Copy the listing below in full, exactly.

■ **DATASET SECTION**
----------

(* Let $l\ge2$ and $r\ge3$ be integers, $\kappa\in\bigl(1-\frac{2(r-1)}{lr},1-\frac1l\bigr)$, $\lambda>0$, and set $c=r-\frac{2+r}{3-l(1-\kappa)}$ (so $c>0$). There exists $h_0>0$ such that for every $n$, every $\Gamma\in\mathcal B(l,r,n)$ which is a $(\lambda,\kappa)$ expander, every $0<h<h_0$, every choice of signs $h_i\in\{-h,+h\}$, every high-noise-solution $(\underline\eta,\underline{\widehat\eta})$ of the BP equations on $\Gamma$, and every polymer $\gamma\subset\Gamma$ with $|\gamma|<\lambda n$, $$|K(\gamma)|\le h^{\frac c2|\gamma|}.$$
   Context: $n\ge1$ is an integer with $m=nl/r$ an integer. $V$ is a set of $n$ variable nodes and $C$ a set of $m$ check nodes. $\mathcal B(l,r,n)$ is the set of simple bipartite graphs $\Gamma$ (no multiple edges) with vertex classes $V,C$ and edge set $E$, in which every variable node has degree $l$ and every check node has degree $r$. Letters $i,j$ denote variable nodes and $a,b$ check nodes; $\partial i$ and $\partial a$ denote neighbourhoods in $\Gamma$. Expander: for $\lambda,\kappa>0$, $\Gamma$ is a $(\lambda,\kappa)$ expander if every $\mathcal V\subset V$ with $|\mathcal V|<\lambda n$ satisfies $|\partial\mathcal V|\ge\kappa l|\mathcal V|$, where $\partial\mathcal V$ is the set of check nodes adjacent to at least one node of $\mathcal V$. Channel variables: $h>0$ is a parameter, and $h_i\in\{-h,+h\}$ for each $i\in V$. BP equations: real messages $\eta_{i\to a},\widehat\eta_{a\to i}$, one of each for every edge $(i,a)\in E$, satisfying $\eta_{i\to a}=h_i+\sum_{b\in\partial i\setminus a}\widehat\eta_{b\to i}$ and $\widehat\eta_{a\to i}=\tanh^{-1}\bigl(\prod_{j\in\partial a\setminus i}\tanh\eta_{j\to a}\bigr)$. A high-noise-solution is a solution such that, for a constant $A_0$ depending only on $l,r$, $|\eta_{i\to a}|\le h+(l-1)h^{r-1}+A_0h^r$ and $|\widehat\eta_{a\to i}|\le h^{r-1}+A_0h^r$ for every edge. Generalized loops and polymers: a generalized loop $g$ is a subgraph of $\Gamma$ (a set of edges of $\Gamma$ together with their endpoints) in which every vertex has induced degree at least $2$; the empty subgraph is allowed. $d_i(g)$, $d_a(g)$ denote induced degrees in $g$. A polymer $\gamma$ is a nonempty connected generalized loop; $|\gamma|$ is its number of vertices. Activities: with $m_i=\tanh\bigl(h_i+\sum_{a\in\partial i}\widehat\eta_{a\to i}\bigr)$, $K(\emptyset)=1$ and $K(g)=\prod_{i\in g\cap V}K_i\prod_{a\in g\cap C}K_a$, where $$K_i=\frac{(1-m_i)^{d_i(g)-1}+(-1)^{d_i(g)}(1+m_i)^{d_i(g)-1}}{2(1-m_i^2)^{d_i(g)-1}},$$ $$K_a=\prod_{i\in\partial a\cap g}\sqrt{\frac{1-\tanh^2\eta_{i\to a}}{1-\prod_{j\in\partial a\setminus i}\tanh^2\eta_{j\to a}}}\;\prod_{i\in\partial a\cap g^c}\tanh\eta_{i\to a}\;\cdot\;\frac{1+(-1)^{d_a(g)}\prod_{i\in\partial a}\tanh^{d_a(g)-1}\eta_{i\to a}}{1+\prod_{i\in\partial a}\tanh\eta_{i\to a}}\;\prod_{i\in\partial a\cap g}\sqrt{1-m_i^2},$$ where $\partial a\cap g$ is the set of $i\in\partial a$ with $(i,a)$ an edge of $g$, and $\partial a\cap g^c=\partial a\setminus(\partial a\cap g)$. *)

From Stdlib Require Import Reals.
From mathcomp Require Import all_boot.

----------

■ **EXERCISE RESULT**
(* Let $l\ge2$ and $r\ge3$ be integers, $\kappa\in\bigl(1-\frac{2(r-1)}{lr},1-\frac1l\bigr)$, $\lambda>0$, and set $c=r-\frac{2+r}{3-l(1-\kappa)}$ (so $c>0$). There exists $h_0>0$ such that for every $n$, every $\Gamma\in\mathcal B(l,r,n)$ which is a $(\lambda,\kappa)$ expander, every $0<h<h_0$, every choice of signs $h_i\in\{-h,+h\}$, every high-noise-solution $(\underline\eta,\underline{\widehat\eta})$ of the BP equations on $\Gamma$, and every polymer $\gamma\subset\Gamma$ with $|\gamma|<\lambda n$, $$|K(\gamma)|\le h^{\frac c2|\gamma|}.$$
   Context: $n\ge1$ is an integer with $m=nl/r$ an integer. $V$ is a set of $n$ variable nodes and $C$ a set of $m$ check nodes. $\mathcal B(l,r,n)$ is the set of simple bipartite graphs $\Gamma$ (no multiple edges) with vertex classes $V,C$ and edge set $E$, in which every variable node has degree $l$ and every check node has degree $r$. Letters $i,j$ denote variable nodes and $a,b$ check nodes; $\partial i$ and $\partial a$ denote neighbourhoods in $\Gamma$. Expander: for $\lambda,\kappa>0$, $\Gamma$ is a $(\lambda,\kappa)$ expander if every $\mathcal V\subset V$ with $|\mathcal V|<\lambda n$ satisfies $|\partial\mathcal V|\ge\kappa l|\mathcal V|$, where $\partial\mathcal V$ is the set of check nodes adjacent to at least one node of $\mathcal V$. Channel variables: $h>0$ is a parameter, and $h_i\in\{-h,+h\}$ for each $i\in V$. BP equations: real messages $\eta_{i\to a},\widehat\eta_{a\to i}$, one of each for every edge $(i,a)\in E$, satisfying $\eta_{i\to a}=h_i+\sum_{b\in\partial i\setminus a}\widehat\eta_{b\to i}$ and $\widehat\eta_{a\to i}=\tanh^{-1}\bigl(\prod_{j\in\partial a\setminus i}\tanh\eta_{j\to a}\bigr)$. A high-noise-solution is a solution such that, for a constant $A_0$ depending only on $l,r$, $|\eta_{i\to a}|\le h+(l-1)h^{r-1}+A_0h^r$ and $|\widehat\eta_{a\to i}|\le h^{r-1}+A_0h^r$ for every edge. Generalized loops and polymers: a generalized loop $g$ is a subgraph of $\Gamma$ (a set of edges of $\Gamma$ together with their endpoints) in which every vertex has induced degree at least $2$; the empty subgraph is allowed. $d_i(g)$, $d_a(g)$ denote induced degrees in $g$. A polymer $\gamma$ is a nonempty connected generalized loop; $|\gamma|$ is its number of vertices. Activities: with $m_i=\tanh\bigl(h_i+\sum_{a\in\partial i}\widehat\eta_{a\to i}\bigr)$, $K(\emptyset)=1$ and $K(g)=\prod_{i\in g\cap V}K_i\prod_{a\in g\cap C}K_a$, where $$K_i=\frac{(1-m_i)^{d_i(g)-1}+(-1)^{d_i(g)}(1+m_i)^{d_i(g)-1}}{2(1-m_i^2)^{d_i(g)-1}},$$ $$K_a=\prod_{i\in\partial a\cap g}\sqrt{\frac{1-\tanh^2\eta_{i\to a}}{1-\prod_{j\in\partial a\setminus i}\tanh^2\eta_{j\to a}}}\;\prod_{i\in\partial a\cap g^c}\tanh\eta_{i\to a}\;\cdot\;\frac{1+(-1)^{d_a(g)}\prod_{i\in\partial a}\tanh^{d_a(g)-1}\eta_{i\to a}}{1+\prod_{i\in\partial a}\tanh\eta_{i\to a}}\;\prod_{i\in\partial a\cap g}\sqrt{1-m_i^2},$$ where $\partial a\cap g$ is the set of $i\in\partial a$ with $(i,a)$ an edge of $g$, and $\partial a\cap g^c=\partial a\setminus(\partial a\cap g)$. *)

From Stdlib Require Import Reals.
From mathcomp Require Import all_boot.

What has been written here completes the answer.